[Required action]
The line that holds "have hxy := ulimB hU (phiP x hf) (phiP y hf)." marks the start. Return it and each following line through the end of the data, unchanged.

(Dataset records)
____

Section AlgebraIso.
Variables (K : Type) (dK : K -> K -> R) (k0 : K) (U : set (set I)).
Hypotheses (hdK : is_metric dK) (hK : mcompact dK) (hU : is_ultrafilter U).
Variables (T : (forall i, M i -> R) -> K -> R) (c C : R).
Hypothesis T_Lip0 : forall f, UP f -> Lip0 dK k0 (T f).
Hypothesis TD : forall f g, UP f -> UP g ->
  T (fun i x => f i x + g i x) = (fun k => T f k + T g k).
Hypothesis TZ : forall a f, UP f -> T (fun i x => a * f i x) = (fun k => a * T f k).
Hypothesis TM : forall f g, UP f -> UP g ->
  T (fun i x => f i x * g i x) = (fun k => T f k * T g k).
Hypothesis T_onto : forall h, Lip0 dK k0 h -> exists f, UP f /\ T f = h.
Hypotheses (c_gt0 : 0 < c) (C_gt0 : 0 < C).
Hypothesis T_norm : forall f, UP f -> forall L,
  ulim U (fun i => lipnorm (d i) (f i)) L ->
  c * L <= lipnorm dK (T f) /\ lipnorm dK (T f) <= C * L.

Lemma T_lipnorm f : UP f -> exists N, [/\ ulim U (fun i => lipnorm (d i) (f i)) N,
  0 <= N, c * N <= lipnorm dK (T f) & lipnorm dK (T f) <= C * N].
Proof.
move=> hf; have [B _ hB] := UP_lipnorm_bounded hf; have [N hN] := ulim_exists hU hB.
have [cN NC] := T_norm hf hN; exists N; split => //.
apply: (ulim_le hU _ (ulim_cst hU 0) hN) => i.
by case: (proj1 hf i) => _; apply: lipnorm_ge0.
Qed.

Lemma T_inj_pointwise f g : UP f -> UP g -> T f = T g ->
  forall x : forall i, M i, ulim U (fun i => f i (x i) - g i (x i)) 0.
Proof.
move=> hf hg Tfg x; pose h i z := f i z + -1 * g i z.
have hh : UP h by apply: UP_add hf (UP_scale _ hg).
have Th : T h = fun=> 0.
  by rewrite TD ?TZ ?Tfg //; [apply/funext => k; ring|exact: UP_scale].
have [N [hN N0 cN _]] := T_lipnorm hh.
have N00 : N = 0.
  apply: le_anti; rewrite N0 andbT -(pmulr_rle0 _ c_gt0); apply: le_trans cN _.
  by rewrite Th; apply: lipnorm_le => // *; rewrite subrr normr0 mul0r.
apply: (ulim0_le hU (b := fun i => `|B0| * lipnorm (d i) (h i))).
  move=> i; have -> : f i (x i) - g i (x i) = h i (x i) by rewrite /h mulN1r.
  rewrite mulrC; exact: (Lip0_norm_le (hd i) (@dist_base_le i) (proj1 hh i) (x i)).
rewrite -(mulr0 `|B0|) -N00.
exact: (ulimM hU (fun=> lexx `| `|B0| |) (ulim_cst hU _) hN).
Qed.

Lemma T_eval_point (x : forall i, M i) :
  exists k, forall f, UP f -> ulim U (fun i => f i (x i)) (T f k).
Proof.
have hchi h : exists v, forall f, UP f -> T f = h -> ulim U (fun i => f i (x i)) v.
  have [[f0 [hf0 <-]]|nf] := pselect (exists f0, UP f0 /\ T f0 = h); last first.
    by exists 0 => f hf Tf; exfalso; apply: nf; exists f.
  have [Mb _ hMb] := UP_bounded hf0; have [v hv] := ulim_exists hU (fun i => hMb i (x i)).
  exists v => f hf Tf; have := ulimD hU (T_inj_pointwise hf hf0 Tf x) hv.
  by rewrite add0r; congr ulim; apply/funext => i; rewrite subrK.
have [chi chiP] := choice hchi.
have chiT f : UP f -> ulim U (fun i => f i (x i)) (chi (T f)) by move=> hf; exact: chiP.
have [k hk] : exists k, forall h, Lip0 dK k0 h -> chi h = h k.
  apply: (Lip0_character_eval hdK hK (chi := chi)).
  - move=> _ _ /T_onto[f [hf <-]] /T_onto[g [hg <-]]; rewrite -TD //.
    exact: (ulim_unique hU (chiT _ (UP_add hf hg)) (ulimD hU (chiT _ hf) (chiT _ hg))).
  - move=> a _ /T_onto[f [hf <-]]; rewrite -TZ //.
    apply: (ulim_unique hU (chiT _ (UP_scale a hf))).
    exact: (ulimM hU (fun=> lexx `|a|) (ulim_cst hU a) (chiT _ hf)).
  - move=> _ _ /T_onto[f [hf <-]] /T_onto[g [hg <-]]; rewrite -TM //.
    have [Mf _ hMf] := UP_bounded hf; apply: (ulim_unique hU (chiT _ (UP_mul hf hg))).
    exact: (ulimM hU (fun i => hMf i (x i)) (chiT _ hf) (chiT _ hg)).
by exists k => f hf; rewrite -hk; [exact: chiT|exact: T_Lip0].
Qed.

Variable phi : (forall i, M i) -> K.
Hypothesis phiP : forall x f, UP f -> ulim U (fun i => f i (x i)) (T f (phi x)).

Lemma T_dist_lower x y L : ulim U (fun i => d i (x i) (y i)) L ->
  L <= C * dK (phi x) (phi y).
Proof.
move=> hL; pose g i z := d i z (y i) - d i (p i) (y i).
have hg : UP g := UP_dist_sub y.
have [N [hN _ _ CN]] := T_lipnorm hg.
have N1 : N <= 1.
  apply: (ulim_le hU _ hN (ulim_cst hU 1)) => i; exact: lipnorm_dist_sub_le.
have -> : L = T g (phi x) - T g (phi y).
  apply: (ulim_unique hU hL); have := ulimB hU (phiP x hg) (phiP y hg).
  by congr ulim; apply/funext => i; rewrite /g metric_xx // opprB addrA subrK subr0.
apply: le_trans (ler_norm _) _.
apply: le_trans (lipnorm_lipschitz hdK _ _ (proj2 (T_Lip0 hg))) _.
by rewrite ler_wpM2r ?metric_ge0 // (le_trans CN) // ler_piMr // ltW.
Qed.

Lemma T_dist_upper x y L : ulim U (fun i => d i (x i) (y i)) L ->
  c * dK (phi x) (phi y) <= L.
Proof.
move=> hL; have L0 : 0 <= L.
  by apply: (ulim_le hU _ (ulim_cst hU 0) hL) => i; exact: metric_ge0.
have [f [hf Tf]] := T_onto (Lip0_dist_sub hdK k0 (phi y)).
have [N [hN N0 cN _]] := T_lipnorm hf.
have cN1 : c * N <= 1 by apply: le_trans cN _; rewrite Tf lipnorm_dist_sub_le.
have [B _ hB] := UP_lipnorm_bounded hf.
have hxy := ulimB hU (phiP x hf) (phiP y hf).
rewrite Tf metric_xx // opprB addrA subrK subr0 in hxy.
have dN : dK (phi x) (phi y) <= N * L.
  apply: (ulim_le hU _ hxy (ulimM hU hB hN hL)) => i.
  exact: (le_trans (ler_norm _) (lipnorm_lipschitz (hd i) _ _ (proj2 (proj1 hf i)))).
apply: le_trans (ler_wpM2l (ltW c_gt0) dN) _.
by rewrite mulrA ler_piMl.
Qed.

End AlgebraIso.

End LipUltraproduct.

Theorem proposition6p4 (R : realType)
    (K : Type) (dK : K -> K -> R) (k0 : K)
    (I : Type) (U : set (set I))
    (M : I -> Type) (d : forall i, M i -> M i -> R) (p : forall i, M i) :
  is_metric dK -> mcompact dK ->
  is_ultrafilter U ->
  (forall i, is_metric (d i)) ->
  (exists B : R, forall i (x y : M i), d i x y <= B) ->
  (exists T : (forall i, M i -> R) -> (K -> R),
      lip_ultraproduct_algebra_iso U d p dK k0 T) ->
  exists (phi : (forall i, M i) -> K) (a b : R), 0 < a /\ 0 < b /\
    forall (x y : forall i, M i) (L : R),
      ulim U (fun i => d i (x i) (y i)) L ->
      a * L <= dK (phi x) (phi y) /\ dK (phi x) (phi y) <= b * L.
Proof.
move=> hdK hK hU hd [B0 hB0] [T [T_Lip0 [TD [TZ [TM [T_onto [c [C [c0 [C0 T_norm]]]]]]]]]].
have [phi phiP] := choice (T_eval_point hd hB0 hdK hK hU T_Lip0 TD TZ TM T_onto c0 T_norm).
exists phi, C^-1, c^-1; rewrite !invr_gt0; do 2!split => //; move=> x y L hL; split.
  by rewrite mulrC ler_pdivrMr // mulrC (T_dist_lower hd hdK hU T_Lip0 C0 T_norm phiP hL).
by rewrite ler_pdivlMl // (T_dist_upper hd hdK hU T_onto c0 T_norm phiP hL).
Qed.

____

[Exercise output]
have hxy := ulimB hU (phiP x hf) (phiP y hf).
rewrite Tf metric_xx // opprB addrA subrK subr0 in hxy.
have dN : dK (phi x) (phi y) <= N * L.
  apply: (ulim_le hU _ hxy (ulimM hU hB hN hL)) => i.
  exact: (le_trans (ler_norm _) (lipnorm_lipschitz (hd i) _ _ (proj2 (proj1 hf i)))).
apply: le_trans (ler_wpM2l (ltW c_gt0) dN) _.
by rewrite mulrA ler_piMl.
Qed.

End AlgebraIso.

End LipUltraproduct.

Theorem proposition6p4 (R : realType)
    (K : Type) (dK : K -> K -> R) (k0 : K)
    (I : Type) (U : set (set I))
    (M : I -> Type) (d : forall i, M i -> M i -> R) (p : forall i, M i) :
  is_metric dK -> mcompact dK ->
  is_ultrafilter U ->
  (forall i, is_metric (d i)) ->
  (exists B : R, forall i (x y : M i), d i x y <= B) ->
  (exists T : (forall i, M i -> R) -> (K -> R),
      lip_ultraproduct_algebra_iso U d p dK k0 T) ->
  exists (phi : (forall i, M i) -> K) (a b : R), 0 < a /\ 0 < b /\
    forall (x y : forall i, M i) (L : R),
      ulim U (fun i => d i (x i) (y i)) L ->
      a * L <= dK (phi x) (phi y) /\ dK (phi x) (phi y) <= b * L.
Proof.
move=> hdK hK hU hd [B0 hB0] [T [T_Lip0 [TD [TZ [TM [T_onto [c [C [c0 [C0 T_norm]]]]]]]]]].
have [phi phiP] := choice (T_eval_point hd hB0 hdK hK hU T_Lip0 TD TZ TM T_onto c0 T_norm).
exists phi, C^-1, c^-1; rewrite !invr_gt0; do 2!split => //; move=> x y L hL; split.
  by rewrite mulrC ler_pdivrMr // mulrC (T_dist_lower hd hdK hU T_Lip0 C0 T_norm phiP hL).
by rewrite ler_pdivlMl // (T_dist_upper hd hdK hU T_onto c0 T_norm phiP hL).
Qed.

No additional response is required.